It’s hard to believe it all started over a park. With tens of thousands of Turkish citizens laying claim to the streets of Istanbul and several other major cities, Prime Minister Recep Tayyip Erdogan faces the most serious challenge of his 10-year rule — and all of a sudden there is talk of a "Turkish ...

Uriel Sinai/Getty Images
Uriel Sinai/Getty Images

It’s hard to believe it all started over a park.

With tens of thousands of Turkish citizens laying claim to the streets of Istanbul and several other major cities, Prime Minister Recep Tayyip Erdogan faces the most serious challenge of his 10-year rule — and all of a sudden there is talk of a "Turkish Spring" in the air.

Wait, a "Turkish Spring"? Really?

Welcome to the Turkish protest name game.

The comparison to the Arab Spring is itself tendentious — Erdogan is no dictator, and Turkey isn’t an Arab country — but the images of thousands of Turks in the streets of Istanbul hurling rocks at police, setting fire to cars, and chanting anti-Erdogan slogans recall similar scenes in Tahrir Square back in 2011. Outraged at Erdogan’s authoritarian tendencies, crony capitalism, and moderate Islamism, members of the urban middle class have taken to the streets to protest a government and a leader they feel has betrayed the legacy of the country’s founder, Mustafa Kemal Ataturk.

These factors have been sufficient for some commentators to rush headlong into comparing Turkey’s protests to the recent uprisings in the Arab world. As Richard Seymour wrote in the Guardian:

Thus strengthened, the government is on the offensive. It has never needed the left or the labour movement, which it has repressed. It no longer needs the liberals, as its attacks on women’s reproductive rights, and its imposition of alcohol-free zones, show.

This is the context in which a struggle over a small park in a congested city centre has become an emergency for the regime, and the basis for a potential Turkish spring.

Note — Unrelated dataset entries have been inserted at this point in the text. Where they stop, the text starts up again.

(* Write L = 1 / (2 - 2 ln 2), so that L (1 - ln 2) = 1/2.
   Summing the recursion telescopically gives the integral form
     psi_{2m+1} = (1 + 1/(2m+1)) (1/2 + sum_{k=m+1}^{2m} psi_k / (k+1)),
   and psi_{2m+2} = (1 + 1/(2m+2)) psi_{2m+1}.  The harmonic weights of the
   window [m+1, 2m] sum to h_m = ln 2 - O(1/m), and L is exactly the fixed
   point of x |-> 1/2 + (ln 2) x.  Hence, if |psi_k - L| <= B on the window,
   then |psi_n - L| <= theta B + O(1/m) for n = 2m+1, 2m+2, with the
   contraction factor theta = (1 + ln 2)/2 < 1.
   The file first develops finite range sums, the logarithmic bounds on the
   harmonic window, and an abstract principle: a sequence satisfying such a
   window contraction tends to 0.  It then derives the integral form of the
   recursion, the contraction estimate for |psi_n - L|, and the theorem. *)

Fixpoint psum (f : nat -> R) (n : nat) : R :=
  match n with
  | O => 0
  | S k => psum f k + f k
  end.

Lemma psum_succ (f : nat -> R) (n : nat) : psum f (S n) = psum f n + f n.
Proof. reflexivity. Qed.

Definition rsum (f : nat -> R) (a b : nat) : R := psum f b - psum f a.

Lemma rsum_succ (f : nat -> R) (a b : nat) : rsum f a (S b) = rsum f a b + f b.
Proof. unfold rsum; simpl; ring. Qed.

Lemma rsum_empty (f : nat -> R) (a : nat) : rsum f a a = 0.
Proof. unfold rsum; ring. Qed.

Lemma rsum_ext (f g : nat -> R) (a b : nat) :
  (forall k, f k = g k) -> rsum f a b = rsum g a b.
Proof.
  intros Hfg; assert (Hp : forall n, psum f n = psum g n).
  { induction n as [|n IH]; simpl; [reflexivity | rewrite IH, Hfg; reflexivity]. }
  unfold rsum; rewrite !Hp; reflexivity.
Qed.

Lemma rsum_lin (c : R) (f g : nat -> R) (a b : nat) :
  rsum (fun k => c * f k + g k) a b = c * rsum f a b + rsum g a b.
Proof.
  assert (Hp : forall n, psum (fun k => c * f k + g k) n = c * psum f n + psum g n).
  { induction n as [|n IH]; simpl; [ring | rewrite IH; ring]. }
  unfold rsum; rewrite !Hp; ring.
Qed.

Lemma rsum_telescope (g : nat -> R) (a b : nat) :
  rsum (fun k => g (S k) - g k) a b = g b - g a.
Proof.
  assert (Hp : forall n, psum (fun k => g (S k) - g k) n = g n - g O).
  { induction n as [|n IH]; simpl; [ring | rewrite IH; ring]. }
  unfold rsum; rewrite !Hp; ring.
Qed.

Lemma rsum_le (f g : nat -> R) (a b : nat) : (a <= b)%nat ->
  (forall k, (a <= k < b)%nat -> f k <= g k) -> rsum f a b <= rsum g a b.
Proof.
  intros Hab Hfg; induction Hab as [|b Hab IH].
  - rewrite !rsum_empty; lra.
  - rewrite !rsum_succ.
    assert (f b <= g b) by (apply Hfg; lia).
    assert (rsum f a b <= rsum g a b) by (apply IH; intros; apply Hfg; lia).
    lra.
Qed.

Lemma rsum_abs_le (f g : nat -> R) (B : R) (a b : nat) : (a <= b)%nat ->
  (forall k, (a <= k < b)%nat -> Rabs (f k) <= B * g k) ->
  Rabs (rsum f a b) <= B * rsum g a b.
Proof.
  intros Hab Hfg; induction Hab as [|b Hab IH].
  - rewrite !rsum_empty, Rabs_R0; lra.
  - rewrite !rsum_succ.
    assert (Rabs (f b) <= B * g b) by (apply Hfg; lia).
    assert (Rabs (rsum f a b) <= B * rsum g a b) by (apply IH; intros; apply Hfg; lia).
    eapply Rle_trans; [apply Rabs_triang | lra].
Qed.

Lemma ln_le_sub1 (y : R) : 0 < y -> ln y <= y - 1.
Proof.
  intros Hy.
  destruct (Req_dec y (exp (y - 1))) as [E|E].
  - rewrite E at 1; rewrite ln_exp; lra.
  - rewrite <- (ln_exp (y - 1)); left; apply ln_increasing; [exact Hy|].
    pose proof (exp_ineq1_le (y - 1)); lra.
Qed.

Lemma ln2_bounds : 0 < ln 2 < 1.
Proof.
  split; [pose proof ln_lt_2; lra|].
  rewrite <- (ln_exp 1); apply ln_increasing; [lra|].
  pose proof (exp_ineq1 1); lra.
Qed.

(* The increment of [ln] on [x, x+1] lies between [1/(x+1)] and [1/x]:
   this is what compares harmonic sums with logarithms. *)
Lemma ln_increment (x : R) : 0 < x -> / (x + 1) <= ln (x + 1) - ln x <= / x.
Proof.
  intros Hx.
  assert (Hq : forall u v, 0 < u -> 0 < v -> ln (u / v) = ln u - ln v).
  { intros u v Hu Hv; unfold Rdiv; rewrite ln_mult, ln_Rinv;
      [ring | exact Hv | exact Hu | apply Rinv_0_lt_compat; exact Hv]. }
  pose proof (ln_le_sub1 (x / (x + 1)) ltac:(apply Rdiv_lt_0_compat; lra)) as Hl.
  pose proof (ln_le_sub1 ((x + 1) / x) ltac:(apply Rdiv_lt_0_compat; lra)) as Hu.
  rewrite Hq in Hl, Hu by lra.
  replace (x / (x + 1) - 1) with (- / (x + 1)) in Hl by (field; lra).
  replace ((x + 1) / x - 1) with (/ x) in Hu by (field; lra).
  lra.
Qed.

Lemma harmonic_window (m : nat) :
  ln 2 - / (INR m + 1) <= rsum (fun k => / (INR k + 1)) (m + 1) (2 * m + 1) <= ln 2.
Proof.
  pose proof (pos_INR m) as Hm.
  split.
  - eapply Rle_trans;
      [| apply (rsum_le (fun k => ln (INR (S k) + 1) - ln (INR k + 1))); [lia|]].
    + rewrite (rsum_telescope (fun k => ln (INR k + 1))).
      rewrite !plus_INR, mult_INR; simpl INR.
      replace ((1 + 1) * INR m + 1 + 1) with (2 * (INR m + 1)) by ring.
      rewrite ln_mult by lra.
      pose proof (ln_increment (INR m + 1) ltac:(lra)); lra.
    + intros k _; rewrite S_INR; pose proof (pos_INR k).
      pose proof (ln_increment (INR k + 1) ltac:(lra)); lra.
  - eapply Rle_trans;
      [apply (rsum_le _ (fun k => ln (INR (S k)) - ln (INR k))); [lia|] |].
    + intros k Hk; rewrite S_INR. assert (1 <= INR k) by (apply (le_INR 1); lia).
      pose proof (ln_increment (INR k) ltac:(lra)); lra.
    + rewrite (rsum_telescope (fun k => ln (INR k))).
      rewrite !plus_INR, mult_INR; simpl INR.
      replace ((1 + 1) * INR m + 1) with (2 * INR m + 1) by ring.
      assert (ln (2 * INR m + 1) < ln (2 * (INR m + 1))) by (apply ln_increasing; lra).
      rewrite ln_mult in * by lra; lra.
Qed.

Lemma odd_or_even_succ (n : nat) : (1 <= n)%nat ->
  exists m, (n = 2 * m + 1 \/ n = 2 * m + 2)%nat.
Proof.
  intros Hn; destruct (Nat.Even_or_Odd n) as [[k Hk] | [k Hk]].
  - exists (k - 1)%nat; lia.
  - exists k; lia.
Qed.

Lemma inv_succ_eventually_le (a : R) : 0 < a ->
  exists m0, forall m, (m0 <= m)%nat -> / (INR m + 1) <= a.
Proof.
  intros Ha; destruct (INR_unbounded (/ a)) as [m0 Hm0].
  exists m0; intros m Hm; apply le_INR in Hm.
  rewrite <- (Rinv_inv a); apply Rinv_le_contravar;
    [apply Rinv_0_lt_compat; exact Ha | lra].
Qed.

(* The proof first shows
   that e is bounded (a large enough bound propagates from one dyadic block
   to the next), then improves a tail bound B to theta B + c/(N+1) on a later
   tail, and iterates. *)
Section WindowContraction.

Variables (e : nat -> R) (theta c : R) (m0 : nat).
Hypothesis theta_range : 0 <= theta < 1.
Hypothesis c_nonneg : 0 <= c.
Hypothesis window_step : forall (m n : nat) (B : R), (m0 <= m)%nat -> 0 <= B ->
  (forall k, (m + 1 <= k <= 2 * m)%nat -> e k <= B) ->
  (n = 2 * m + 1 \/ n = 2 * m + 2)%nat ->
  e n <= theta * B + c * / (INR m + 1).

Lemma error_mono (N m : nat) : (N <= m)%nat -> c * / (INR m + 1) <= c * / (INR N + 1).
Proof.
  intros HNm; apply le_INR in HNm; pose proof (pos_INR N).
  apply Rmult_le_compat_l; [exact c_nonneg | apply Rinv_le_contravar; lra].
Qed.

Lemma tail_bound_propagates (N : nat) (B : R) : (m0 <= N)%nat -> 0 <= B ->
  theta * B + c * / (INR N + 1) <= B ->
  (forall k, (N + 1 <= k <= 2 * N + 2)%nat -> e k <= B) ->
  forall n, (N + 1 <= n)%nat -> e n <= B.
Proof.
  intros HN HB Hstable Hinit n.
  induction n as [n IH] using lt_wf_ind; intros Hn.
  destruct (le_lt_dec n (2 * N + 2)) as [Hsmall | Hlarge]; [apply Hinit; lia|].
  destruct (odd_or_even_succ n ltac:(lia)) as [m Hm].
  eapply Rle_trans; [apply (window_step m n B); [lia | exact HB | | exact Hm]|].
  - intros k Hk; apply IH; lia.
  - pose proof (error_mono N m ltac:(lia)); lra.
Qed.

Lemma initial_bound (N : nat) : exists B, 0 <= B /\ forall k, (k <= N)%nat -> e k <= B.
Proof.
  induction N as [|N [B [HB HkB]]].
  - exists (Rmax 0 (e O)); split; [apply Rmax_l|].
    intros k Hk; replace k with O by lia; apply Rmax_r.
  - exists (Rmax B (e (S N))); split.
    + eapply Rle_trans; [exact HB | apply Rmax_l].
    + intros k Hk; destruct (Nat.eq_dec k (S N)) as [-> | Hne]; [apply Rmax_r|].
      eapply Rle_trans; [apply HkB; lia | apply Rmax_l].
Qed.

(* The sequence is bounded: from m0 on, the bound
   max(sup_{k <= 2 m0 + 2} e_k, c / ((1 - theta)(m0 + 1))) is stable. *)
Lemma window_bounded : exists B, 0 <= B /\ forall n, e n <= B.
Proof.
  destruct (initial_bound (2 * m0 + 2)) as [B0 [HB0 Hinit]].
  pose proof (pos_INR m0).
  set (B := Rmax B0 (c * / (INR m0 + 1) / (1 - theta))).
  assert (HB0B : B0 <= B) by apply Rmax_l.
  assert (Hstable : theta * B + c * / (INR m0 + 1) <= B).
  { assert (Hcap : c * / (INR m0 + 1) / (1 - theta) <= B) by apply Rmax_r.
    assert (c * / (INR m0 + 1) <= (1 - theta) * B).
    { apply (Rmult_le_reg_r (/ (1 - theta))); [apply Rinv_0_lt_compat; lra|].
      replace ((1 - theta) * B * / (1 - theta)) with B by (field; lra); exact Hcap. }
    lra. }
  exists B; split; [lra|].
  intros n; destruct (le_lt_dec n m0) as [Hn | Hn].
  - eapply Rle_trans; [apply Hinit; lia | exact HB0B].
  - apply (tail_bound_propagates m0 B); try lia; try lra.
    intros k Hk; eapply Rle_trans; [apply Hinit; lia | exact HB0B].
Qed.

Lemma tail_bound_improves (N : nat) (B : R) : (m0 <= N)%nat -> 0 <= B ->
  (forall n, (N + 1 <= n)%nat -> e n <= B) ->
  forall n, (2 * N + 1 <= n)%nat -> e n <= theta * B + c * / (INR N + 1).
Proof.
  intros HN HB Htail n Hn.
  destruct (odd_or_even_succ n ltac:(lia)) as [m Hm].
  eapply Rle_trans; [apply (window_step m n B); [lia | exact HB | | exact Hm]|].
  - intros k Hk; apply Htail; lia.
  - pose proof (error_mono N m ltac:(lia)); lra.
Qed.

Lemma window_contraction_small :
  forall eps, 0 < eps -> exists N, forall n, (N <= n)%nat -> e n < eps.
Proof.
  intros eps Heps.
  destruct window_bounded as [B [HB HeB]].
  destruct (inv_succ_eventually_le ((1 - theta) * (eps / 2) / (c + 1)))
    as [K HK]; [apply Rdiv_lt_0_compat; nra|].
  assert (Herr : forall N, (K <= N)%nat -> c * / (INR N + 1) <= (1 - theta) * (eps / 2)).
  { intros N HN; specialize (HK N HN).
    assert (0 <= / (INR N + 1)) by (pose proof (pos_INR N); left; apply Rinv_0_lt_compat; lra).
    assert (c * / (INR N + 1) <= (c + 1) * / (INR N + 1)) by nra.
    assert ((c + 1) * / (INR N + 1) <= (c + 1) * ((1 - theta) * (eps / 2) / (c + 1)))
      by (apply Rmult_le_compat_l; lra).
    replace ((c + 1) * ((1 - theta) * (eps / 2) / (c + 1))) with ((1 - theta) * (eps / 2))
      in * by (field; lra).
    lra. }
  assert (Hiter : forall j, exists N, (Nat.max m0 K <= N)%nat /\
            forall n, (N + 1 <= n)%nat -> e n <= theta ^ j * B + eps / 2).
  { induction j as [|j [N [HN Htail]]].
    - exists (Nat.max m0 K); split; [lia|]; intros n _; simpl; specialize (HeB n); lra.
    - exists (2 * N + 1)%nat; split; [lia|]; intros n Hn.
      assert (0 <= theta ^ j * B) by (apply Rmult_le_pos; [apply pow_le|]; lra).
      eapply Rle_trans; [apply (tail_bound_improves N (theta ^ j * B + eps / 2)); [lia | lra | exact Htail | lia]|].
      pose proof (Herr N ltac:(lia)); simpl; nra. }
  destruct (pow_lt_1_zero theta ltac:(rewrite Rabs_pos_eq; lra) (eps / 2 / (B + 1)))
    as [J HJ]; [apply Rdiv_lt_0_compat; lra|].
  specialize (HJ J (le_n J)); rewrite Rabs_pos_eq in HJ by (apply pow_le; lra).
  assert (theta ^ J * B < eps / 2).
  { assert (0 <= theta ^ J) by (apply pow_le; lra).
    assert (theta ^ J * (B + 1) < eps / 2 / (B + 1) * (B + 1))
      by (apply Rmult_lt_compat_r; lra).
    replace (eps / 2 / (B + 1) * (B + 1)) with (eps / 2) in * by (field; lra).
    nra. }
  destruct (Hiter J) as [N [_ Htail]].
  exists (N + 1)%nat; intros n Hn; specialize (Htail n Hn); lra.
Qed.

End WindowContraction.

Lemma psi_even (psi : nat -> R) (m : nat) : psi_rec psi ->
  psi (2 * m + 2)%nat = (1 + / (2 * INR m + 2)) * psi (2 * m + 1)%nat.
Proof.
  intros [_ Hrec]; destruct (Hrec (2 * m + 2)%nat ltac:(lia)) as [Heven _].
  rewrite Heven.
  - replace (2 * m + 2 - 1)%nat with (2 * m + 1)%nat by lia.
    rewrite plus_INR, mult_INR; simpl INR; do 3 f_equal; ring.
  - replace (2 * m + 2)%nat with (2 + 2 * m)%nat by lia.
    apply Nat.even_add_mul_2.
Qed.

Lemma psi_odd (psi : nat -> R) (m : nat) : psi_rec psi -> (1 <= m)%nat ->
  psi (2 * m + 1)%nat
  = (1 + / (2 * INR m + 1)) * psi (2 * m)%nat - 2 / (2 * INR m + 1) * psi m.
Proof.
  intros [_ Hrec] Hm; destruct (Hrec (2 * m + 1)%nat ltac:(lia)) as [_ Hodd].
  rewrite Hodd.
  - replace (2 * m + 1 - 1)%nat with (2 * m)%nat by lia.
    replace ((2 * m) / 2)%nat with m by (rewrite Nat.mul_comm, Nat.div_mul; lia).
    rewrite plus_INR, mult_INR; simpl INR; repeat f_equal; ring.
  - replace (2 * m + 1)%nat with (1 + 2 * m)%nat by lia.
    apply Nat.even_add_mul_2.
Qed.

Given the wide variety of protesters in the streets — anarchists and communists have been spotted alongside nationalists and Kurds — no coherent political agenda has emerged from the protests (though the fact that they are demonstrating together under the same banner is itself remarkable). But amid that confusion, efforts to brand the revolution have continued apace.

 

Francois Heisbourg, the chairman of the International Institute for Strategic Studies, took to Twitter to compare the protests in Turkey to unrest in Paris in 1968:

 

Supporters of Erdogan, however, can embrace an entirely different idea: that the prime minister is currently leading the country through a Turkish Spring. It’s an argument Erdogan himself has made. "Those in the foreign media who talk about a ‘Turkish Spring’, we are already going through a ‘Turkish Spring’, we have been living in it," he recently told reporters. "Those who want to turn it into winter will not succeed."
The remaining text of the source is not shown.